Before the test is started, information will be gathered on the wishes and requirements behind the technology and the food product by interviewing focus groups of patients and their environment. In the past months, research has been done into the possible barriers and opportunities for consumer acceptance. The technology has been adjusted after research was performed within a military setting. This has resulted in the development of a food item: a case made of dough inserted with a filling. Suzan explains: “Participants in the test can chose between sweet or savoury, for instance. The composition of the 3D-printed snack is determined based on individual targets recommended by the nutritional experts at the Gelderse Vallei hospital.” The test participants will have a 3D-printed product on several consecutive days.

Post-ICU nutritional needs

A patient will have to be in the hospital for a prolonged time and be conscious in order to be able to test the food product. Preferably, the patient should have been admitted fairly recently. Arthur explains: “After admission to the ICU, we often see distorted memory in patients. Some do not want to be reminded of time there. That is why it is important to interview people about their food preferences immediately after they have left the ICU.” IMAGINE can easily step into any of the research projects Arthur has at the moment. Max Melchers, ICU assistant physician at the Gelderse Vallei hospital and PhD student at WUR will coordinate the project under the supervision of Arthur and researcher Imre Kouw. 

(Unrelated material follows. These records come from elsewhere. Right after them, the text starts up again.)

Definition Tblock (phi Phi : R -> R) (lam : 'I_din -> R) (eta alpha tau : R)
    (N : 'I_dout -> {set 'I_dout}) (omega : 'I_dout -> 'I_dout -> R)
    (z : 'I_din -> R) : 'I_dout -> R :=
  fun q => Phi (s_mix phi lam eta alpha tau N omega z q).

End SprecherDefs.

From HB Require Import structures.
From mathcomp Require Import all_boot all_order all_algebra.
From mathcomp Require Import all_classical all_reals all_analysis.
From mathcomp Require Import ring lra zify.
Set Implicit Arguments. Unset Strict Implicit. Unset Printing Implicit Defensive.
Import Order.TTheory GRing.Theory Num.Theory.
Import numFieldNormedType.Exports.
Local Open Scope classical_set_scope.
Local Open Scope ring_scope.

(* On a cell of length [h] the chord of a C^2 function [f] is within
   [sup |f''| h^2 / 8] of [f], and, being a convex combination of two values of
   [f], it is bounded by [sup |f|].  Hence replacing [phi] by its interpolant
   moves each [s_q] by at most [|lam|_1 delta_phi] while keeping
   [|s_q| <= M_s]; lateral mixing multiplies both the size and the
   perturbation by at most [R_mix], so both mixed sums lie in [I_Phi].  There
   [Phi] is [L_Phi]-Lipschitz by the mean value theorem and within [delta_Phi]
   of its interpolant.  The residual map cancels in the difference. *)

Section SupNorm.
Variable R : realType.
Implicit Types (f : R -> R) (a b x : R).

Lemma supnorm_ge f a b x : {within `[a, b], continuous f} -> a <= x <= b ->
  `|f x| <= supnorm f a b.
Proof.
move=> cf xab; have ab : a <= b by case/andP: xab => ax /(le_trans ax).
have cnf : {within `[a, b], continuous (fun t => `|f t|)}.
  by move=> t; apply: continuous_comp; [exact: cf | exact: norm_continuous].
have [c _ cmax] := EVT_max ab cnf.
apply: ub_le_sup; last by exists x; rewrite //= in_itv.
by exists `|f c| => _ [t tab <-]; exact: cmax.
Qed.

Lemma supnorm_ge0 f a b : a <= b -> {within `[a, b], continuous f} ->
  0 <= supnorm f a b.
Proof.
by move=> ab cf; apply: le_trans (normr_ge0 (f a)) (supnorm_ge cf _); rewrite lexx.
Qed.

End SupNorm.

Section Norms.
Variable R : realType.

Lemma infnorm_le n (v : 'I_n -> R) c : (0 < n)%N -> (forall i, `|v i| <= c) ->
  infnorm v <= c.
Proof.
move=> n0 vc; apply: bigmax_le => [|i _]; last exact: vc.
exact: le_trans (normr_ge0 _) (vc (Ordinal n0)).
Qed.

Lemma l1norm_ge0 n (v : 'I_n -> R) : 0 <= l1norm v.
Proof. by apply: sumr_ge0 => i _. Qed.

Lemma mulr_addr_le_max (A B x y : R) : 0 <= A -> 0 <= B ->
  A * x + B * y <= (A + B) * Num.max x y.
Proof.
by move=> A0 B0; rewrite mulrDl lerD // ler_wpM2l // le_max lexx ?orbT.
Qed.

Lemma interp_err_sum_le_max (C M1 M2 h1 h2 : R) : 0 <= C -> 0 <= M1 -> 0 <= M2 ->
  C * (M1 / 8 * h1 ^+ 2) + M2 / 8 * h2 ^+ 2
    <= (C * M1 + M2) / 8 * Num.max (h1 ^+ 2) (h2 ^+ 2).
Proof.
move=> C0 M10 M20; rewrite mulrA mulrA mulrDl.
by apply: mulr_addr_le_max; rewrite ?mulr_ge0 ?invr_ge0.
Qed.

Lemma shift_mem_itv (B eta x : R) (n k : nat) : `|x| <= B -> (k < n)%N ->
  - B - `|eta| * (n - 1)%:R <= x + eta * k%:R <= B + `|eta| * (n - 1)%:R.
Proof.
move=> xB kn; have : `|eta * k%:R| <= `|eta| * (n - 1)%:R.
  by rewrite normrM normr_nat ler_wpM2l // ler_nat; lia.
by move: xB; rewrite !ler_norml => /andP[? ?] /andP[? ?]; apply/andP; split; lra.
Qed.

End Norms.

Section C2.
Variable R : realType.
Implicit Types (f : R -> R) (a b c d x y : R).

Definition C2_on f a b := forall x, a <= x <= b ->
  [/\ derivable f x 1, derivable (derive1 f) x 1 & {for x, continuous (derive1n 2 f)}].

Lemma C2_near_on f a b : C2_near f a b -> C2_on f a b.
Proof.
move=> [e [e0 fC2]] x /andP[ax xb]; apply: fC2.
  by rewrite ltrBlDr (le_lt_trans ax) // ltrDl.
by rewrite (le_lt_trans xb) // ltrDl.
Qed.

Lemma C2_on_sub f a b c d : C2_on f a b -> a <= c -> d <= b -> C2_on f c d.
Proof.
by move=> fC2 ac db x /andP[cx xd]; apply: fC2; rewrite (le_trans ac cx) (le_trans xd db).
Qed.

Lemma C2_on_continuous f a b : C2_on f a b -> {within `[a, b], continuous f}.
Proof.
move=> fC2; apply: derivable_within_continuous => x; rewrite in_itv /= => xab.
by case: (fC2 x xab).
Qed.

Lemma C2_on_continuous_derive1 f a b : C2_on f a b ->
  {within `[a, b], continuous (derive1 f)}.
Proof.
move=> fC2; apply: derivable_within_continuous => x; rewrite in_itv /= => xab.
by case: (fC2 x xab).
Qed.

Lemma C2_on_continuous_derive2 f a b : C2_on f a b ->
  {within `[a, b], continuous (derive1n 2 f)}.
Proof.
move=> fC2; apply: continuous_in_subspaceT => x; rewrite inE /= in_itv /= => xab.
by case: (fC2 x xab).
Qed.

Lemma lipschitz_supnorm_derive1 f a b x y :
  (forall t, a <= t <= b -> derivable f t 1) -> {within `[a, b], continuous (derive1 f)} ->
  a <= x <= b -> a <= y <= b -> `|f x - f y| <= supnorm (derive1 f) a b * `|x - y|.
Proof.
move=> df cdf.
wlog xy : x y / x <= y => [hwlog xab yab|/andP[ax xb] /andP[ay yb]].
  case: (leP x y) => [/hwlog|/ltW /hwlog]; first by apply.
  by rewrite distrC (distrC x); apply.
have inab t : x <= t <= y -> a <= t <= b.
  by case/andP=> xt ty; rewrite (le_trans ax xt) (le_trans ty yb).
have dfxy t : t \in `]x, y[ -> is_derive t 1 f (derive1 f t).
  rewrite in_itv /= derive1E => /andP[xt ty]; apply/derivableP/df/inab.
  by rewrite !ltW.
have cfxy : {within `[x, y], continuous f}.
  by apply: derivable_within_continuous => t; rewrite in_itv /= => /inab; exact: df.
have [c] := MVT_segment xy dfxy cfxy; rewrite in_itv /= => cxy fyx.
rewrite distrC (distrC x) fyx normrM ler_wpM2r //.
exact/(supnorm_ge cdf)/inab.
Qed.

Lemma is_derive_Rolle (F dF : R -> R) x y : x < y ->
  (forall t, x <= t <= y -> is_derive t 1 F (dF t)) -> F x = F y ->
  exists2 c, x < c < y & dF c = 0.
Proof.
move=> xy dF0 Fxy.
have dFxy t : t \in `]x, y[ -> derivable F t 1.
  by rewrite in_itv /= => /andP[xt ty]; have [] := dF0 t; rewrite ?ltW.
have cFxy : {within `[x, y], continuous F}.
  apply: derivable_within_continuous => t; rewrite in_itv /= => txy.
  by have [] := dF0 t txy.
have [c] := Rolle xy dFxy cFxy Fxy; rewrite in_itv /= => cxy Fc0.
exists c => //; have /andP[xc cy] := cxy.
have Dc : is_derive c 1 F (dF c) by apply: dF0; rewrite !ltW.
by rewrite -(derive_val (is_derive := Dc)) (derive_val (is_derive := Fc0)).
Qed.

Lemma is_derive_quadratic (a0 a1 a2 t : R) :
  is_derive t 1 (fun s => a0 + a1 * s + a2 * (s * s)) (a1 + a2 * (2 * t)).
Proof.
have D := is_deriveD (is_deriveD (is_derive_cst a0 t 1) (is_deriveZ a1 (is_derive_id t 1)))
  (is_deriveZ a2 (is_deriveM (is_derive_id t 1) (is_derive_id t 1))).
have -> : (fun s => a0 + a1 * s + a2 * (s * s)) = cst a0 + a1 \*: id + a2 \*: (id * id).
  by apply/funext.
apply: (is_derive_eq D).
change (0 + a1 * 1 + a2 * (t * 1 + t * 1) = a1 + a2 * (2 * t)); ring.
Qed.

End C2.

Section Chord.
Variable R : realType.
Implicit Types (f : R -> R) (u h x M : R).

Definition chord f u h x := f u + (x - u) / h * (f (u + h) - f u).

(* [K] is chosen so that [w] vanishes at [u], [x] and [v]; Rolle's theorem
   applied twice to [w] and once to [w'] gives [f''(c) = 2 K]. *)
Lemma chord_error_formula f u h x : 0 < h -> u < x < u + h -> C2_on f u (u + h) ->
  exists2 c, u <= c <= u + h &
    f x - chord f u h x = derive1n 2 f c / 2 * ((x - u) * (x - (u + h))).
Proof.
move=> h0 /andP[ux xv] fC2; set v := u + h in xv fC2 *.
pose S := (f v - f u) / h.
pose P := (x - u) * (x - v).
have P0 : P != 0 by rewrite mulf_neq0 // subr_eq0; [rewrite gt_eqF | rewrite lt_eqF].
pose K := (f x - chord f u h x) / P.
pose w t := f t - (f u + (t - u) * S) - K * ((t - u) * (t - v)).
pose dw t := derive1 f t - S - K * (2 * t - u - v).
have Dw t : u <= t <= v -> is_derive t 1 w (dw t).
  move=> tuv; have [df _ _] := fC2 t tuv.
  have Df : is_derive t 1 f (derive1 f t) by rewrite derive1E; exact: derivableP.
  have -> : w = f + (fun s => - f u + u * S - K * u * v + (- S + K * (u + v)) * s
                                + - K * (s * s)).
    by apply/funext => s; rewrite /w fctE; ring.
  by apply: (is_derive_eq (is_deriveD Df (is_derive_quadratic _ _ _ t))); rewrite /dw; ring.
have Ddw t : u <= t <= v -> is_derive t 1 dw (derive1n 2 f t - 2 * K).
  move=> tuv; have [_ df _] := fC2 t tuv.
  have Df' : is_derive t 1 (derive1 f) (derive1n 2 f t).
    by rewrite derive1nS derive1n1 derive1E; exact: derivableP.
  have -> : dw = derive1 f + (fun s => - S + K * (u + v) + - (2 * K) * s + 0 * (s * s)).
    by apply/funext => s; rewrite /dw fctE; ring.
  by apply: (is_derive_eq (is_deriveD Df' (is_derive_quadratic _ _ _ t))); ring.
have wu : w u = 0 by rewrite /w; ring.
have wv : w v = 0 by rewrite /w /S /v; field; rewrite gt_eqF.
have wx : w x = 0.
  rewrite /w /K -/P.
  have -> : f x - (f u + (x - u) * S) = f x - chord f u h x.
    by rewrite /chord /S; field; rewrite gt_eqF.
  by rewrite divfK // subrr.
have [c1 /andP[uc1 c1x] dwc1] : exists2 c, u < c < x & dw c = 0.
  apply: (@is_derive_Rolle _ w dw) ux _ _; last by rewrite wu wx.
  by move=> t /andP[ut tx]; apply: Dw; rewrite ut (le_trans tx) ?ltW.
have [c2 /andP[xc2 c2v] dwc2] : exists2 c, x < c < v & dw c = 0.
  apply: (@is_derive_Rolle _ w dw) xv _ _; last by rewrite wv wx.
  by move=> t /andP[xt tv]; apply: Dw; rewrite tv (le_trans _ xt) ?ltW.
have c1v : c1 < c2 := lt_trans c1x xc2.
have [c /andP[c1c cc2] Kc] : exists2 c, c1 < c < c2 & derive1n 2 f c - 2 * K = 0.
  apply: (@is_derive_Rolle _ dw) c1v _ _; last by rewrite dwc1 dwc2.
  move=> t /andP[c1t tc2]; apply: Ddw.
  by rewrite (le_trans (ltW uc1) c1t) (le_trans tc2 (ltW c2v)).
exists c; first by rewrite (le_trans (ltW uc1)) ?ltW // (lt_trans cc2 c2v).
have -> : derive1n 2 f c = 2 * K by apply/eqP; rewrite -subr_eq0 Kc.
have -> : 2 * K / 2 = K by field.
by rewrite /K divfK.
Qed.

Lemma chord_error f u h x M : 0 <= h -> u <= x <= u + h -> C2_on f u (u + h) ->
  (forall t, u <= t <= u + h -> `|derive1n 2 f t| <= M) ->
  `|f x - chord f u h x| <= M / 8 * h ^+ 2.
Proof.
move=> h0 /andP[ux xv] fC2 f2M.
have M0 : 0 <= M by apply: le_trans (f2M u _); rewrite ?lexx ?lerDl.
have err0 : 0 <= M / 8 * h ^+ 2 by rewrite mulr_ge0 ?divr_ge0 ?sqr_ge0.
case: (eqVneq x u) => [->|xNu].
  by rewrite /chord subrr mul0r mul0r addr0 subrr normr0.
have ux' : u < x by rewrite lt_neqAle eq_sym xNu.
have h_gt0 : 0 < h by move: (lt_le_trans ux' xv); rewrite ltrDl.
case: (eqVneq x (u + h)) => [->|xNv].
  rewrite /chord [u + h - u]addrC addKr divff ?gt_eqF // mul1r.
  by rewrite [f u + _]addrC subrK subrr normr0.
have uxv : u < x < u + h by rewrite ux' lt_neqAle xNv.
have [c cuv ->] := chord_error_formula h_gt0 uxv fC2.
have hP : `|(x - u) * (x - (u + h))| <= h ^+ 2 / 4.
  rewrite ler0_norm; last by rewrite mulr_ge0_le0 ?subr_ge0 ?subr_le0.
  rewrite -subr_ge0.
  have -> : h ^+ 2 / 4 - - ((x - u) * (x - (u + h))) = (2 * x - 2 * u - h) ^+ 2 / 4 by field.
  by rewrite divr_ge0 ?sqr_ge0.
have hK : `|derive1n 2 f c / 2| <= M / 2.
  by rewrite normrM normfV normr_nat ler_wpM2r ?invr_ge0 ?f2M.
rewrite normrM; apply: le_trans (ler_pM (normr_ge0 _) (normr_ge0 _) hK hP) _.
by rewrite [leLHS](_ : _ = M / 8 * h ^+ 2) //; field.
Qed.

End Chord.

Section PiecewiseLinear.
Variable R : realType.
Implicit Types (f : R -> R) (a b x : R) (G : nat).

Lemma pl_interp_cell f a b G x : (2 <= G)%N -> a <= x <= b ->
  let h := (b - a) / (G - 1)%:R in
  exists u, [/\ a <= u, u + h <= b, u <= x <= u + h & pl_interp f a b G x = chord f u h x].
Proof.
move=> G2 /andP[ax xb] h.
set k := minn (G - 2) (Num.truncn ((x - a) / h)); set u := a + k%:R * h.
suff [au uhb uxh] : [/\ a <= u, u + h <= b & u <= x <= u + h] by exists u.
have G1 : 0 < (G - 1)%:R :> R by rewrite ltr0n subn_gt0 (leq_trans _ G2).
have bE : b - a = (G - 1)%:R * h by rewrite /h mulrC divfK ?gt_eqF.
have [h0|hN0] := eqVneq h 0.
  have ba : b = a by apply/eqP; rewrite -subr_eq0 bE h0 mulr0.
  have xa : x = a by apply/eqP; rewrite eq_le ax -ba xb.
  by rewrite /u h0 mulr0 !addr0 xa ba; split; rewrite /= ?lexx.
have h_gt0 : 0 < h by rewrite lt_neqAle eq_sym hN0 divr_ge0 // subr_ge0 (le_trans ax).
pose t := (x - a) / h.
have t0 : 0 <= t by rewrite divr_ge0 ?subr_ge0 // ltW.
have tE : t * h = x - a by rewrite divfK ?gt_eqF.
have tG : t <= (G - 1)%:R by rewrite -(ler_pM2r h_gt0) tE -bE lerD2r.
have [kt tk1 k1G] : [/\ k%:R <= t, t <= k%:R + 1 & k%:R + 1 <= (G - 1)%:R :> R].
  have /andP[n_le n_lt] := truncn_itv t0.
  rewrite /k -/t; case: (leqP (Num.truncn t) (G - 2)) => hn.
    by split; rewrite // natr1 ?(ltW n_lt) // ler_nat; lia.
  rewrite natr1 [(G - 2).+1](_ : _ = G - 1)%N; last by lia.
  by rewrite tG lexx (le_trans _ n_le) // ler_nat ltnW.
have kh0 : 0 <= k%:R * h by rewrite mulr_ge0 // ltW.
have := ler_wpM2r (ltW h_gt0) kt; have := ler_wpM2r (ltW h_gt0) tk1.
have := ler_wpM2r (ltW h_gt0) k1G; rewrite tE -bE !mulrDl mul1r /u => *.
by split; try apply/andP; try split; lra.
Qed.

The consortium will be active until the end of the project in October 2024. The aim is to develop a prototype that can immediately be deployed in the fieldlabs of the Dutch Ministry of Defense and at Gelderse Vallei. Other partners in the project are: GEA Group, SoliPharma B.V., Tate & Lyle, Nissin, General Mills and the Dutch Ministry of Defense. The public-private partnership project IMAGINE is co-funded by the Dutch Ministry of Economic Affairs, through Top Sector Life Sciences & Health grant no 21074 (WFBR) and 100340397 (TNO) and Top Sector High Tech Systems and Materials grant no 100340397 (TNO).